Cette offre Tempo doit ainsi prendre le relais de l’offre EJP, pour Effacement jour de pointe, introduite par EDF en 1982, mais qui n’est désormais plus commercialisée. « 400.000 clients disposent actuellement de cette offre, mais on ne peut plus la fournir à ceux qui la demanderaient », précise Lionel Zécri. A la différence de Tempo, cette offre ne permettait pas aux clients de bénéficier d’un tarif heures creuses pendant les journées de pointe.

D’un point de vue économique, EDF assure que l’offre Tempo est « neutre » pour son chiffre d’affaires. « Un client Tempo par rapport à un client heures pleines/heures creuses, ça ne change rien. C’est neutre », insiste le groupe, déjà très endetté.

Électricité : l’Etat pousse les fournisseurs à revoir leur grille tarifaire pour passer l’hiver

Une nouvelle offre moins contraignante pour les entreprises

Le fournisseur historique effectue un travail similaire auprès de ses clients entreprise et particulièrement auprès des industriels. Ces derniers peuvent alors souscrire à une offre d’effacement à travers laquelle ils s’engagent à ne pas appeler une certaine puissance électrique lorsqu’ils reçoivent un signal de la part d’EDF. Là encore l’objectif est d’écraser la pointe de consommation lorsque le réseau est en tension. Les entreprises ayant souscrit ce type de contrat touchent une prime fixe, à laquelle s’ajoute une prime à chaque fois qu’elles s’effacent effectivement en libérant de la puissance pour le réseau.

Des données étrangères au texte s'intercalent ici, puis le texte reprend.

Lemma card_translates_pair C x y :
  #|[set g | (x \in translate C g) && (y \in translate C g)]| =
  block_diff_count C (x - y).
Proof.
rewrite -(card_imset _ (inv_inj (subKr x))) (can2_imset_pre _ (subKr x) (subKr x)).
apply: eq_card => u; rewrite !inE subKr.
by rewrite opprB addrCA -opprB.
Qed.

(* The point 0 only adds the representations d = d - 0 and d = 0 - (- d). *)
Lemma block_diff_count_setU0 C d : 0 \notin C -> d != 0 ->
  (block_diff_count (0%R |: C) d <= block_diff_count C d + (d \in C) + (- d \in C))%N.
Proof.
move=> C0 d0; rewrite -(card_set_eq_and d (d \in C)) -(card_set_eq_and (0 : G) (- d \in C)).
apply: leq_trans (leq_add (leq_card_setU _ _) (leqnn _)).
apply: leq_trans (leq_card_setU _ _); apply/subset_leq_card/subsetP => u.
rewrite !inE => /andP [/predU1P [-> | Cu] /predU1P [ud0 | Cud]].
- by move/eqP: ud0; rewrite sub0r oppr_eq0 (negbTE d0).
- by rewrite sub0r in Cud; rewrite eqxx Cud orbT.
- by move/eqP: ud0; rewrite subr_eq0 => /eqP ud; rewrite -ud Cu eqxx orbT.
- by rewrite Cu Cud.
Qed.

Lemma block_diff_count_seq (s : seq G) g : uniq s ->
  block_diff_count [set x in s] g = count (fun u => u - g \in s) s.
Proof.
move=> uniq_s; rewrite -size_filter.
have /card_uniqP <- := filter_uniq (fun u => u - g \in s) uniq_s.
by apply: eq_card => u; rewrite !inE mem_filter andbC.
Qed.
(* Let $X$ be a topological space. The idempotents of $N(X)$ are precisely the characteristic functions $\chi_U$ with $U$ a regular open subset of $X$, and $U\mapsto\chi_U$ is a boolean isomorphism from the boolean algebra ${\sf RO}(X)$ of regular open subsets of $X$ onto the boolean algebra of idempotents of $N(X)$.
   Context: $B(X)$ is the set of bounded real-valued functions on $X$. For $f\in B(X)$ and $x\in X$, with $\mathcal N_x$ the set of open neighborhoods of $x$: $f_*(x)=\sup\{\inf f[U]\mid U\in\mathcal N_x\}$, $f^*(x)=\inf\{\sup f[U]\mid U\in\mathcal N_x\}$, and $f^\#=(f^* )_*$. $f$ is normal if $f=f^\#$, and $N(X)=\{f\in B(X)\mid f=f^\#\}$. $N(X)$ is a Dedekind complete bounded archimedean $\ell$-algebra whose operations (addition, multiplication, scalar multiplication, binary joins and meets) are the normalizations $(\cdot)^\#$ of the corresponding pointwise operations; in particular positive scalar multiplication and meets are pointwise. The idempotents of a commutative ring form a boolean algebra with $e\wedge f=ef$, $e\vee f=e+f-ef$, $\lnot e=1-e$. A set $U$ is regular open if $U={\sf int}\,{\sf cl}(U)$. *)

From HB Require Import structures.
From mathcomp Require Import all_boot all_order all_algebra.
From mathcomp Require Import all_classical all_reals all_analysis.
Set Implicit Arguments. Unset Strict Implicit. Unset Printing Implicit Defensive.
Import Order.TTheory GRing.Theory Num.Theory.
Local Open Scope classical_set_scope.
Local Open Scope ring_scope.

Section NormalFunctions.
Context {R : realType} {X : topologicalType}.

Definition bounded_fun (f : X -> R) : Prop := exists M : R, forall x, `|f x| <= M.

Definition open_nbhd (x : X) : set (set X) := [set U | open U /\ U x].

Definition lower_fun (f : X -> R) : X -> R :=
  fun x => sup [set inf (f @` U) | U in open_nbhd x].

Definition upper_fun (f : X -> R) : X -> R :=
  fun x => inf [set sup (f @` U) | U in open_nbhd x].

Definition sharp (f : X -> R) : X -> R := lower_fun (upper_fun f).

Definition normal_fun (f : X -> R) : Prop := bounded_fun f /\ sharp f = f.

Definition addN (f g : X -> R) : X -> R := sharp (fun x => f x + g x).
Definition subN (f g : X -> R) : X -> R := sharp (fun x => f x - g x).
Definition mulN (f g : X -> R) : X -> R := sharp (fun x => f x * g x).
Definition oneN : X -> R := sharp (fun _ => 1).
Definition zeroN : X -> R := sharp (fun _ => 0).

Definition idempotentN (e : X -> R) : Prop := normal_fun e /\ mulN e e = e.

Definition idem_meet (e f : X -> R) : X -> R := mulN e f.
Definition idem_join (e f : X -> R) : X -> R := subN (addN e f) (mulN e f).
Definition idem_compl (e : X -> R) : X -> R := subN oneN e.

Definition chi (U : set X) : X -> R := \1_U.

End NormalFunctions.

Definition regular_open {X : topologicalType} (U : set X) : Prop :=
  U = interior (closure U).
Definition ro_meet {X : topologicalType} (U V : set X) : set X := U `&` V.
Definition ro_join {X : topologicalType} (U V : set X) : set X :=
  interior (closure (U `|` V)).
Definition ro_compl {X : topologicalType} (U : set X) : set X := interior (~` U).

From mathcomp Require Import all_boot all_order all_algebra.
From mathcomp Require Import all_classical all_reals all_analysis.
From mathcomp Require Import lra.
Import Order.TTheory GRing.Theory Num.Theory.
Local Open Scope classical_set_scope.
Local Open Scope ring_scope.

(* The proof rests on two computations of the envelopes f^* and f_*.
   (1) For a nested step function chi_A + chi_B (B inside A) the upper envelope
       is chi_(cl A) + chi_(cl B) and the lower one chi_(int A) + chi_(int B);
       hence (chi_A + chi_B)^# = chi_(int cl A) + chi_(int cl B), and in
       particular chi_A^# = chi_(int cl A).  This yields that chi_U is normal
       and idempotent for U regular open, and computes the boolean operations,
       since chi_U + chi_V = chi_(U \/ V) + chi_(U /\ V) is such a step function.
   (2) On functions with values in [0, M], both envelopes commute with squaring,
       because squaring is increasing there and so commutes with sup and inf.
       Thus an idempotent e = (e^2)^# is nonnegative and satisfies e = e^2
       pointwise, so e is the characteristic function of its level set 1,
       which is regular open by (1). *)

Section SquaresOfBounds.
Context {R : realType}.
Implicit Types (S : set R) (M : R).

 A cette offre d’effacement classique, EDF a récemment ajouté une offre « d’effacement bonus », considérée comme moins contraignante pour le client. « Le client ne s’engagepas sur la puissance effaçable. Quand il est prévenu la veille pour le lendemain, il peut répondre oui ou non à la demande d’effacement. Nous pensons que nous allons pouvoir drainer davantage de clients et donc accroître de 200 mégawatts notre potentiel d’effacement », indiquent les équipes d’EDF.

Au total, sur le marché français, le potentiel d’effacement avoisine les 5 gigawatts, soit, peu ou prou, l’équivalent de cinq tranches nucléaires. Cette capacité de puissance englobe les contrats directement noués entre RTE et les sites électro-intensifs, mais aussi les offres d’effacement des autres fournisseurs d’électricité, aussi bien auprès des particuliers que des entreprises.

Libérer une puissance équivalente à six tranches nucléaires

 « Notre objectif est d’augmenter ce gisement de 20%, soit 1 gigawatts de plus », précise Marc Benayoun. Au total, les offres d’effacement pourraient donc représenter cet hiver une capacité de 6 gigawatts.

 Interrogé sur le coût de ces mesures, EDF a estimé que « le coût le plus grand pour nous serait de ne rien faire et d’arriver à une situation de délestage ». Cette année, l’entreprise a ainsi tourné la totalité de ses efforts en marketing vers cette démarche de sobriété, alors qu’auparavant une large partie était aussi dédiée à l’acquisition de nouveaux clients. Ce qui n’est plus nécessaire actuellement, compte tenu des 100.000 nouveaux clients qui viennent toquer à la porte d’EDF tous les mois depuis cet été.

 Ce gisement additionnel d’effacement est d’autant plus important pour le système électrique qu’EDF peine à tenir son calendrier de redémarrage de ses réacteurs, en raison des nombreuses grèves intervenues au mois de septembre et des réparations liées au problème de corrosion plus longues que prévu. Ainsi, au total, quelque 6 GW manqueraient à l’appel par rapport au calendrier annoncé à la fin de l’été.